(* Let $\mathbf{C}$ be a small 2-category and $\mathbf{D}$ a 2-category with an enhanced factorization system $(\mathcal{E},\mathcal{M})$ such that: $(\mathcal{E},\mathcal{M})$ separates parallel pairs; every 1-cell in $\mathcal{E}$ is a 2-epimorphism and every 1-cell in $\mathcal{M}$ is a 2-monomorphism; and post-composition with 1-cells in $\mathcal{M}$ creates invertible 2-cells. Then $(\mathcal{E}^{\mathbf{C}},\mathcal{M}^{\mathbf{C}})$ is a rigid enhanced factorization system on $\mathbf{D}^{\mathbf{C}}$.
   Context: For a 2-category $\mathbf{A}$, an enhanced factorization system on $\mathbf{A}$ is a pair $(\mathcal{E},\mathcal{M})$ of classes of 1-cells of $\mathbf{A}$, each containing all isomorphisms, such that: (i) every 1-cell $\alpha$ factors (not necessarily uniquely) as $\alpha=\mu\circ\varepsilon$ with $\varepsilon\in\mathcal{E}$, $\mu\in\mathcal{M}$; (ii) given $\varepsilon\colon F\to F'$ in $\mathcal{E}$, $\mu\colon G\to G'$ in $\mathcal{M}$, 1-cells $\alpha\colon F\to G$, $\alpha'\colon F'\to G'$ and an invertible 2-cell $\Psi\colon \alpha'\varepsilon\Rightarrow\mu\alpha$, there is a unique pair $(\delta,\widetilde\Psi)$ with $\delta\colon F'\to G$ a 1-cell and $\widetilde\Psi\colon\alpha'\Rightarrow\mu\delta$ an invertible 2-cell such that $\delta\varepsilon=\alpha$ and the whiskering $\widetilde\Psi\varepsilon=\Psi$; moreover if $\Psi$ is an identity then $\mu\delta=\alpha'$ and $\widetilde\Psi$ is an identity; (iii) given $\varepsilon\colon F\to F'$ in $\mathcal{E}$, $\mu\colon G\to G'$ in $\mathcal{M}$, parallel 1-cells $\alpha_1,\alpha_2\colon F\to G$ and $\alpha_1',\alpha_2'\colon F'\to G'$ with $\alpha_i'\varepsilon=\mu\alpha_i$ ($i=1,2$), and 2-cells $\Phi\colon\alpha_1\Rightarrow\alpha_2$, $\Phi'\colon\alpha_1'\Rightarrow\alpha_2'$ with $\mu\Phi=\Phi'\varepsilon$, let $\delta_i\colon F'\to G$ be the unique 1-cells with $\delta_i\varepsilon=\alpha_i$ and $\mu\delta_i=\alpha_i'$ (from (ii) with identity 2-cell); then there is a unique 2-cell $\Delta\colon\delta_1\Rightarrow\delta_2$ with $\Delta\varepsilon=\Phi$ and $\mu\Delta=\Phi'$. It is rigid if moreover: for 1-cells $\mu\colon F\to G$ in $\mathcal{M}$ and $\alpha\colon G\to F$, if $\mu\alpha\cong\mathrm{id}_G$ (invertible 2-cell) then $\alpha\mu\cong\mathrm{id}_F$. $(\mathcal{E},\mathcal{M})$ separates parallel pairs if whenever $\alpha,\beta\colon F\to G$ are parallel 1-cells for which there exist $\varepsilon\in\mathcal{E}$ with target $F$ and $\alpha\varepsilon=\beta\varepsilon$, and $\mu\in\mathcal{M}$ with source $G$ and $\mu\alpha=\mu\beta$, then $\alpha=\beta$. A 1-cell $\varepsilon\colon F\to G$ is a 2-epimorphism if for all 1-cells $\beta,\beta'\colon G\to H$ and 2-cells $\Psi,\Psi'\colon\beta\Rightarrow\beta'$, $\Psi\varepsilon=\Psi'\varepsilon$ implies $\Psi=\Psi'$. A 1-cell $\mu\colon G\to H$ is a 2-monomorphism if for all 1-cells $\beta,\beta'\colon F\to G$ and 2-cells $\Psi,\Psi'\colon\beta\Rightarrow\beta'$, $\mu\Psi=\mu\Psi'$ implies $\Psi=\Psi'$. Post-composition with a 1-cell $\mu$ creates invertible 2-cells if for all parallel 1-cells $\alpha,\beta$ (composable with $\mu$) and every invertible 2-cell $\Psi\colon\mu\alpha\Rightarrow\mu\beta$ there is a unique invertible 2-cell $\widehat\Psi\colon\alpha\Rightarrow\beta$ with $\mu\widehat\Psi=\Psi$; post-composition with 1-cells in $\mathcal{M}$ creates invertible 2-cells if this holds for every $\mu\in\mathcal{M}$. $\mathbf{D}^{\mathbf{C}}$ is the 2-category of 2-functors $\mathbf{C}\to\mathbf{D}$, 2-natural transformations, and modifications. $\mathcal{E}^{\mathbf{C}}$ (resp. $\mathcal{M}^{\mathbf{C}}$) is the class of 2-natural transformations all of whose components lie in $\mathcal{E}$ (resp. $\mathcal{M}$). *)

From Stdlib Require Import Eqdep Setoid.

Record PreTwoCat := {
  ob : Type;
  hom : ob -> ob -> Type;
  cell : forall (A B : ob), hom A B -> hom A B -> Type;
  id1 : forall A : ob, hom A A;
  comp1 : forall (A B C : ob), hom B C -> hom A B -> hom A C;  (* comp1 g f = g o f *)
  id2 : forall (A B : ob) (f : hom A B), cell A B f f;
  vcomp : forall (A B : ob) (f g h : hom A B),
      cell A B g h -> cell A B f g -> cell A B f h;
  hcomp : forall (A B C : ob) (f f' : hom A B) (g g' : hom B C),
      cell B C g g' -> cell A B f f' -> cell A C (comp1 A B C g f) (comp1 A B C g' f')
}.
Arguments hom {_} _ _.
Arguments cell {_ _ _} _ _.
Arguments id1 {_} _.
Arguments comp1 {_ _ _ _} _ _.
Arguments id2 {_ _ _} _.
Arguments vcomp {_ _ _ _ _ _} _ _.
Arguments hcomp {_ _ _ _ _ _ _ _} _ _.

(* Heterogeneous equality of 2-cells with the same endpoints objects but
   possibly (propositionally equal) different source/target 1-cells:
   equality of the packed dependent pairs ((source,target), cell). *)
Definition Cells {P : PreTwoCat} (A B : ob P) :=
  { p : hom A B * hom A B & cell (fst p) (snd p) }.
Definition pk {P : PreTwoCat} {A B : ob P} {f g : hom A B} (x : cell f g) : Cells A B :=
  existT (fun p : hom A B * hom A B => cell (fst p) (snd p)) (f, g) x.
Definition Heq {P : PreTwoCat} {A B : ob P} {f g f' g' : hom A B}
  (x : cell f g) (y : cell f' g') : Prop := pk x = pk y.

Definition lwhisk {P : PreTwoCat} {A B C : ob P} (g : hom B C) {f f' : hom A B}
  (x : cell f f') : cell (comp1 g f) (comp1 g f') := hcomp (id2 g) x.
Definition rwhisk {P : PreTwoCat} {A B C : ob P} {g g' : hom B C} (x : cell g g')
  (f : hom A B) : cell (comp1 g f) (comp1 g' f) := hcomp x (id2 f).

Record TwoCatAx (P : PreTwoCat) : Prop := {
  ax_comp1_assoc : forall (A B C D : ob P) (f : hom A B) (g : hom B C) (h : hom C D),
      comp1 h (comp1 g f) = comp1 (comp1 h g) f;
  ax_comp1_id_l : forall (A B : ob P) (f : hom A B), comp1 (id1 B) f = f;
  ax_comp1_id_r : forall (A B : ob P) (f : hom A B), comp1 f (id1 A) = f;
  ax_vcomp_assoc : forall (A B : ob P) (f g h k : hom A B)
      (x : cell h k) (y : cell g h) (z : cell f g),
      vcomp x (vcomp y z) = vcomp (vcomp x y) z;
  ax_vcomp_id_l : forall (A B : ob P) (f g : hom A B) (x : cell f g), vcomp (id2 g) x = x;
  ax_vcomp_id_r : forall (A B : ob P) (f g : hom A B) (x : cell f g), vcomp x (id2 f) = x;
  ax_hcomp_assoc : forall (A B C D : ob P) (f f' : hom A B) (g g' : hom B C) (h h' : hom C D)
      (x : cell f f') (y : cell g g') (z : cell h h'),
      Heq (hcomp z (hcomp y x)) (hcomp (hcomp z y) x);
  ax_hcomp_id_l : forall (A B : ob P) (f f' : hom A B) (x : cell f f'),
      Heq (hcomp (id2 (id1 B)) x) x;
  ax_hcomp_id_r : forall (A B : ob P) (f f' : hom A B) (x : cell f f'),
      Heq (hcomp x (id2 (id1 A))) x;
  ax_hcomp_id2 : forall (A B C : ob P) (f : hom A B) (g : hom B C),
      hcomp (id2 g) (id2 f) = id2 (comp1 g f);
  ax_interchange : forall (A B C : ob P) (f f' f'' : hom A B) (g g' g'' : hom B C)
      (x : cell f f') (x' : cell f' f'') (y : cell g g') (y' : cell g' g''),
      hcomp (vcomp y' y) (vcomp x' x) = vcomp (hcomp y' x') (hcomp y x)
}.

Record TwoCat := { pre :> PreTwoCat; tc_ax : TwoCatAx pre }.

Section HeqLemmas.
Context {P : PreTwoCat}.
◆ ◆ ◆ ◆
## Your goal
From the data above, reproduce word for word the lines running from the line with "f' g' : hom" to the line with "Record TwoCatAx (P", ends included.

## Solution for this exercise
Definition Heq {P : PreTwoCat} {A B : ob P} {f g f' g' : hom A B}
  (x : cell f g) (y : cell f' g') : Prop := pk x = pk y.

Definition lwhisk {P : PreTwoCat} {A B C : ob P} (g : hom B C) {f f' : hom A B}
  (x : cell f f') : cell (comp1 g f) (comp1 g f') := hcomp (id2 g) x.
Definition rwhisk {P : PreTwoCat} {A B C : ob P} {g g' : hom B C} (x : cell g g')
  (f : hom A B) : cell (comp1 g f) (comp1 g' f) := hcomp x (id2 f).

Record TwoCatAx (P : PreTwoCat) : Prop := {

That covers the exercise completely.